In contrast with randomised, therapeutic, diagnostic and even to some extent aetiological studies, there are no formal tools available to critically appraise the applied methods and biases in prediction modelling studies.16–20 Hence we could not formally appraise the included studies as such. Nevertheless, we have critically appraised the quality of the included papers and found good reporting of the predefined methodological criteria except for the reporting of the presence of missing values and on the reasons for lost to follow-up, both of which could lead to some selection bias in the respective studies.
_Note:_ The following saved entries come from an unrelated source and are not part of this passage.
(* Both sides equal the distribution of K(a), the largest k such that the values
   1, ..., k all occur in the parking function a.

   Take as children of the l-th visited vertex the vertices j+1 with
   a_j = l+1, and run the depth-first search on these lists: as a is a parking
   function the search reaches all n+1 vertices, and joining each j+1 to the
   a_j-th visited vertex gives a tree whose depth-first order is the one just
   computed. Reading the parent positions off the depth-first order of a tree
   inverts this, so a |-> T(a) is a bijection. Along its first branch the
   search moves from the i-th to the (i+1)-th visited vertex exactly while the
   former has a child, i.e. while the value i+1 occurs in a: leg(T(a)) = K(a).

   The largest centre of c is found greedily from left to right. The
   recoding of a below yields a parking function whose greedy centre is the set
   of last occurrences of the values 1, ..., K(a), of size K(a); the recoding is
   injective, since the last occurrences are recovered from right to left from
   their inversion counts, so it permutes PF_n. *)

(* [lift ord0 j] is the vertex [j+1]; its parent sits at position [q j] of [X]. *)
Definition parent_graph n (X : seq 'I_n.+1) (q : 'I_n -> nat) : graph n :=
  [set [set lift ord0 j; nth ord0 X (q j)] | j : 'I_n].

Definition children n (q : 'I_n -> nat) (l : nat) : {set 'I_n.+1} :=
  [set v | if unlift ord0 v is Some j then q j == l else false].

Definition child_nbrs n (q : 'I_n -> nat) : seq 'I_n.+1 -> nat -> {set 'I_n.+1} :=
  fun _ l => children q l.

Definition tree_nbrs n (E : graph n) : seq 'I_n.+1 -> nat -> {set 'I_n.+1} :=
  fun X l => [set y | adj E (nth ord0 X l) y].

Lemma set2_eq (T : finType) (x y u w : T) :
  [set x; y] = [set u; w] -> (x = u /\ y = w) \/ (x = w /\ y = u).
Proof.
move=> E.
have /set2P x_uw : x \in [set u; w] by rewrite -E set21.
have /set2P y_uw : y \in [set u; w] by rewrite -E set22.
have /set2P u_xy : u \in [set x; y] by rewrite E set21.
have /set2P w_xy : w \in [set x; y] by rewrite E set22.
by case: x_uw y_uw u_xy w_xy => -> [] -> [] ? [] ?; subst; auto.
Qed.

Lemma lift0_neq0 n (j : 'I_n) : lift ord0 j != ord0.
Proof. by apply/eqP => /(congr1 val). Qed.

Lemma mem_children_lift n (q : 'I_n -> nat) l j : (lift ord0 j \in children q l) = (q j == l).
Proof. by rewrite inE liftK. Qed.

Lemma childrenP n (q : 'I_n -> nat) l v :
  v \in children q l -> exists2 j, v = lift ord0 j & q j = l.
Proof. by rewrite inE; case: unliftP => [j ->|//] /eqP; exists j. Qed.

Lemma eq_children n (q1 q2 : 'I_n -> nat) l : q1 =1 q2 -> children q1 l = children q2 l.
Proof. by move=> eq_q; apply/setP => v; rewrite !inE; case: unliftP => // j _; rewrite eq_q. Qed.

Section Enumeration.
Variable n : nat.
Local Notation V := 'I_n.+1.
Variable X : seq V.
Hypothesis X_uniq : uniq X.
Hypothesis size_X : size X = n.+1.

Lemma mem_order v : v \in X.
Proof.
have sub : {subset X <= enum V} by move=> u _; rewrite mem_enum.
have le_size : size (enum V) <= size X by rewrite size_enum_ord size_X.
by have [_ ->] := uniq_min_size X_uniq sub le_size; rewrite mem_enum.
Qed.

Lemma index_order_lt v : index v X < n.+1.
Proof. by rewrite -[X in _ < X]size_X index_mem mem_order. Qed.

Lemma nth_index_order v : nth ord0 X (index v X) = v.
Proof. by rewrite nth_index ?mem_order. Qed.

Lemma index_nth_order i : i < n.+1 -> index (nth ord0 X i) X = i.
Proof. by move=> lt_i; rewrite index_uniq ?size_X. Qed.

Lemma nth_order_inj i i' : i < n.+1 -> i' < n.+1 -> nth ord0 X i = nth ord0 X i' -> i = i'.
Proof. by move=> lt_i lt_i' eq_nth; rewrite -(index_nth_order lt_i) eq_nth index_nth_order. Qed.

Lemma mem_take_order s y : (y \in take s X) = (index y X < s).
Proof.
apply/idP/idP => [|lt_ys].
  case/(nthP ord0) => i; rewrite size_take size_X => lt_i <-.
  have [lt_is lt_in] : i < s /\ i < n.+1 by move: lt_i; case: ifP; lia.
  by rewrite nth_take // index_nth_order.
rewrite -(nth_index_order y) -(nth_take _ lt_ys); apply: mem_nth.
by rewrite size_take size_X; have := index_order_lt y; case: ifP; lia.
Qed.

Section ParentGraph.
Variable q : 'I_n -> nat.
Hypothesis X_root : nth ord0 X 0 = ord0.
Hypothesis parent_before : forall j, q j < index (lift ord0 j) X.

Local Notation E := (parent_graph X q).

Lemma parent_lt j : q j < n.+1.
Proof. by have := parent_before j; have := index_order_lt (lift ord0 j); lia. Qed.

Lemma adj_parent_graph x y :
  adj E x y = [exists j, [set x; y] == [set lift ord0 j; nth ord0 X (q j)]].
Proof.
by apply/imsetP/existsP => [[j _ /eqP]|[j /eqP]]; exists j.
Qed.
Also, the lack of studies reporting a small added value of CAC may indicate that the added predictive value is indeed relatively large compared with FMD, CIMT and carotid plaque. However, it may also indicate that studies that have found smaller additional predictive values have not been published.
In addition, it may be that some of the included studies used suboptimal methods to evaluate the added predictive value of a marker of atherosclerosis and, for example, overfitting or optimism of the predictive models may have occurred.57 However, as the main aim was to review the papers that quantified the added predictive value of imaging markers within the same study population and not across studies, this potential for bias and overfitting was the same for the basic and extended prediction models. As such, the difference in predictive accuracy (eg, the c-index or NRIs) between the basic and extended prediction model is likely to be unaffected as both models are derived in the same way.
Finally, while the NRI is increasingly being used, its results depend on the actual risk thresholds used.15 61 62 Therefore, comparing NRI results across studies is meaningless unless the risk thresholds are equal. Yet risk thresholds in CVD prevention are fairly consistent as high risk is considered as a 10 year absolute risk of at least 20% to develop a hard CVD event, and low risk from intermediate risk ranges between 6% and 10%.4 51 63 64
Published evidence on the added value of atherosclerosis imaging varies across markers, with limited evidence for FMD and considerable evidence for CIMT, carotid plaque and CAC. The added predictive value of additional screening may be primarily found in asymptomatic individuals at intermediate cardiovascular risk. Additional research is needed to quantify the impact and cost effectiveness of imaging markers for subclinical atherosclerosis in addition to the classical markers on patient management and clinical outcomes.
Competing interests MLB has received grants from profit and non-profit organisations for carotid intima–media thickness (CIMT) studies and for consultancy regarding CIMT research. He runs the Vascular Imaging Centre Utrecht, a core laboratory for CIMT measurements in national and international observational and intervention studies. KGMM receives funding from the Netherlands Organisation for Scientific Research (project 9120.8004 and 918.10.615).
Provenance and peer review Not commissioned; externally peer reviewed.